Zabbix Monitoring for ISPs | Grafana and Alerts

Zabbix with custom templates for ISP equipment

A generic Zabbix template does not work for ISP equipment. Huawei NE8000 has specific MIBs for PPPoE sessions, BGP prefixes and module temperature. ZTE and FiberHome OLTs have different OIDs for ONU optical power. MikroTik CCR has monitoring resources via API that SNMP does not expose well.

We develop and maintain our own templates for the equipment we operate. This means you see what matters — not a generic CPU and memory dashboard that tells you nothing when the problem is a downed BGP session.

Templates for Huawei NE8000/NE40: BGP sessions, active PPPoE sessions, CGNAT utilization, temperature
Templates for Juniper MX: interface state, BGP sessions, QoS queues, RE heap
Templates for MikroTik CCR/CHR: CPU per core, PPPoE sessions, BGP peers, IP pool usage
Templates for Huawei MA5800, ZTE C320/C600 and FiberHome AN5516 OLTs: optical power per ONU, slot alarms, temperature

Centralized LibreNMS on Rasys infrastructure: external visibility

Zabbix installed on the ISP's own infrastructure has a blind spot: if the ISP's infrastructure goes down, Zabbix goes with it. To have visibility from the outside — to see that the ISP is offline even when everything inside is stopped — we maintain a centralized LibreNMS instance on Rasys infrastructure that collects metrics from clients' edge equipment.

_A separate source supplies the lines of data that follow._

Lemma In_map U (F : U -> T) s x :
  List.In x (map F s) -> exists2 y, List.In y s & x = F y.
Proof.
elim: s => [|y s IH] //= [<-|/IH[z z_in ->]]; first by exists y; [left|].
by exists z; [right|].
Qed.

Lemma In_flatten_map U (F : U -> seq T) s x :
  List.In x (flatten (map F s)) -> exists2 y, List.In y s & List.In x (F y).
Proof.
elim: s => [|y s IH] //= /In_cat[x_in|/IH[z z_in x_in]]; first by exists y; [left|].
by exists z; [right|].
Qed.

End ListIn.

Arguments In_filter_cons {T p s x r}.
Arguments all_In {T p s x}.
Arguments In_cat {T s1 s2 x}.
Arguments In_map {T U F s x}.
Arguments In_flatten_map {T U F s x}.

Section BigIn.
Variables (V : Type) (idx : V) (op : V -> V -> V) (T : Type).

Lemma eq_big_In (s : seq T) (c : pred T) (F G : T -> V) :
  (forall x, List.In x s -> c x -> F x = G x) ->
  \big[op/idx]_(x <- s | c x) F x = \big[op/idx]_(x <- s | c x) G x.
Proof.
elim: s => [|x s IH] FG; first by rewrite !big_nil.
rewrite !big_cons IH => [|y y_in]; last by apply: FG; right.
by case: ifP => // cx; rewrite FG //; left.
Qed.

Lemma big_In_cond (s : seq T) (c : pred T) (F : T -> V) :
  (forall x, List.In x s -> c x) ->
  \big[op/idx]_(x <- s | c x) F x = \big[op/idx]_(x <- s) F x.
Proof.
elim: s => [|x s IH] sc; first by rewrite !big_nil.
by rewrite !big_cons sc ?IH // => [y y_in|]; [apply: sc; right | left].
Qed.

End BigIn.

Arguments eq_big_In {V idx op T s c F G}.
Arguments big_In_cond {V idx op T s c F}.

Local Open Scope ereal_scope.

Section SumsIn.
Variables (R : realType) (T : Type).

Lemma lee_sum_In (s : seq T) (c : pred T) (F G : T -> \bar R) :
  (forall x, List.In x s -> c x -> F x <= G x) ->
  \sum_(x <- s | c x) F x <= \sum_(x <- s | c x) G x.
Proof.
elim: s => [|x s IH] FG; first by rewrite !big_nil.
rewrite !big_cons; case: ifP => cx; last by apply: IH => y y_in; apply: FG; right.
by apply: leeD; [apply: FG => //; left | apply: IH => y y_in; apply: FG; right].
Qed.

Lemma sume_In_ge0 (s : seq T) (c : pred T) (F : T -> \bar R) :
  (forall x, List.In x s -> c x -> 0 <= F x) -> 0 <= \sum_(x <- s | c x) F x.
Proof. by move=> F0; apply: le_trans (@lee_sum_In s c (fun=> 0) F F0); rewrite big1_eq. Qed.

Lemma cvg_nnesum_In (s : seq T) (u : T -> nat -> \bar R) (l : T -> \bar R) :
  (forall x, List.In x s -> forall n, 0 <= u x n) ->
  (forall x, List.In x s -> u x n @[n --> \oo] --> l x) ->
  \sum_(x <- s) u x n @[n --> \oo] --> \sum_(x <- s) l x.
Proof.
move=> u0 ul; pose c x := `[< List.In x s >].
have cP x : List.In x s -> c x by move=> ?; exact/asboolP.
have -> : (fun n => \sum_(x <- s) u x n) = fun n => \sum_(x <- s | c x) u x n.
  by apply/funext => n; rewrite (big_In_cond cP).
rewrite -(big_In_cond cP); apply: cvg_nnesum => x /asboolP x_in.
  exact/nearW/u0.
exact: ul.
Qed.

End SumsIn.

Lemma measurable_fun_asbool d (X : measurableType d) (A : set X) :
  measurable A -> measurable_fun setT (fun x => `[< A x >]).
Proof.
move=> mA; apply: (measurable_fun_bool true); rewrite setTI.
by rewrite (_ : _ @^-1` _ = A) //; apply/seteqP; split=> x /= /asboolP.
Qed.

Lemma measurable_sum_In d (X : measurableType d) (R : realType) T (s : seq T)
    (c : T -> X -> bool) (F : T -> X -> \bar R) :
  (forall x, List.In x s -> measurable_fun setT (c x)) ->
  (forall x, List.In x s -> measurable_fun setT (F x)) ->
  measurable_fun setT (fun v => \sum_(x <- s | c x v) F x v).
Proof.
elim: s => [|x s IH] mc mF.
  by under eq_fun do rewrite big_nil; exact: measurable_cst.
under eq_fun do rewrite big_cons.
have mtail : measurable_fun setT (fun v => \sum_(y <- s | c y v) F y v).
  by apply: IH => y y_in; [apply: mc | apply: mF]; right.
by apply: measurable_fun_ifT => //; [apply: mc | apply: emeasurable_funD => //; apply: mF];
  left.
Qed.

Lemma measurable_section_mul d1 d2 d3 (X : measurableType d1) (Y : measurableType d2)
    (Z : measurableType d3) (R : realType) (x : X) (G : X * Y -> R)
    (U : X * Y -> Z) (h : Z -> \bar R) :
  measurable_fun setT G -> measurable_fun setT U -> measurable_fun setT h ->
  measurable_fun setT (fun y => (G (x, y))%:E * h (U (x, y))).
Proof.
move=> mG mU mh; apply: emeasurable_funM.
  exact/measurable_EFinP/(measurable_fun_pair2 x mG).
exact: measurableT_comp mh (measurable_fun_pair2 x mU).
Qed.

Section StepValue.
Variables (R : realType) (L : Type) (np nr : nat).
Variables (D : probability (nr.-tuple R) R)
  (g : fork R L np nr -> np.-tuple R * nr.-tuple R -> R).

Definition wf_forks (fs : seq (fork R L np nr)) : Prop :=
  forall f, List.In f fs ->
    [/\ (0 <= f_prob f)%R, measurable_fun setT (f_upd f),
        measurable_fun setT (g f) & forall x, (0 <= g f x)%R].

Definition step_value (fs : seq (fork R L np nr))
    (h : fork R L np nr -> np.-tuple R -> \bar R) (v : np.-tuple R) : \bar R :=
  \sum_(f <- fs) (f_prob f)%:E * \int[D]_r ((g f (v, r))%:E * h f (f_upd f (v, r))).

Variable fs : seq (fork R L np nr).
Hypothesis wf_fs : wf_forks fs.

Lemma step_value_ge0 h v : (forall f x, 0 <= h f x) -> 0 <= step_value fs h v.
Proof.
move=> h0; apply: sume_In_ge0 => f /wf_fs[p0 _ _ g0] _.
apply: mule_ge0; first by rewrite lee_fin.
by apply: integral_ge0 => r _; apply: mule_ge0; rewrite ?lee_fin.
Qed.

Lemma le_step_value h1 h2 v :
  (forall f, measurable_fun setT (h1 f)) -> (forall f, measurable_fun setT (h2 f)) ->
  (forall f x, 0 <= h1 f x) -> (forall f x, 0 <= h2 f x) ->
  (forall f r, List.In f fs -> supp D r -> h1 f (f_upd f (v, r)) <= h2 f (f_upd f (v, r))) ->
  step_value fs h1 v <= step_value fs h2 v.
Proof.
move=> m1 m2 h10 h20 h12; apply: lee_sum_In => f f_in _.
have [p0 mu mg g0] := wf_fs _ f_in.
apply: lee_wpmul2l; first by rewrite lee_fin.
apply: ae_ge0_le_integral => //.
- by move=> r _; apply: mule_ge0; rewrite ?lee_fin.
- exact: measurable_section_mul.
- by move=> r _; apply: mule_ge0; rewrite ?lee_fin.
- exact: measurable_section_mul.
have [N [mN N0 notsuppN]] := @negligible_not_supp _ _ D.
exists N; split => // r /= r_notin; apply: notsuppN => r_supp; apply: r_notin => _.
by apply: lee_wpmul2l; rewrite ?lee_fin //; exact: h12.
Qed.

Lemma measurable_step_value h :
  (forall f, measurable_fun setT (h f)) -> (forall f x, 0 <= h f x) ->
  measurable_fun setT (step_value fs h).
Proof.
move=> mh h0; apply: measurable_sum_In => f f_in; first exact: measurable_cst.
have [p0 mu mg g0] := wf_fs _ f_in.
apply: emeasurable_funM; first exact: measurable_cst.
pose k z := (g f z)%:E * h f (f_upd f z).
have -> : (fun v => \int[D]_r ((g f (v, r))%:E * h f (f_upd f (v, r)))) = fubini_F D k by [].
apply: measurable_fun_fubini_tonelli_F.
  by apply: emeasurable_funM; [exact/measurable_EFinP | exact: measurableT_comp].
by move=> z; apply: mule_ge0; rewrite ?lee_fin.
Qed.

LibreNMS on Rasys infrastructure collecting via SNMP from the ISP's edge equipment
Dual metrics: local Zabbix (high granularity) + external LibreNMS (external availability)
Unavailability alerts arrive even when the ISP's internal NOC is blind
Uptime and availability history for each edge link without depending on the ISP's own infrastructure

Grafana: dashboards that make sense for operators

Zabbix stores data. Grafana presents it in a way that lets you understand what is happening in seconds — without navigating menus or having to remember which metric to look at.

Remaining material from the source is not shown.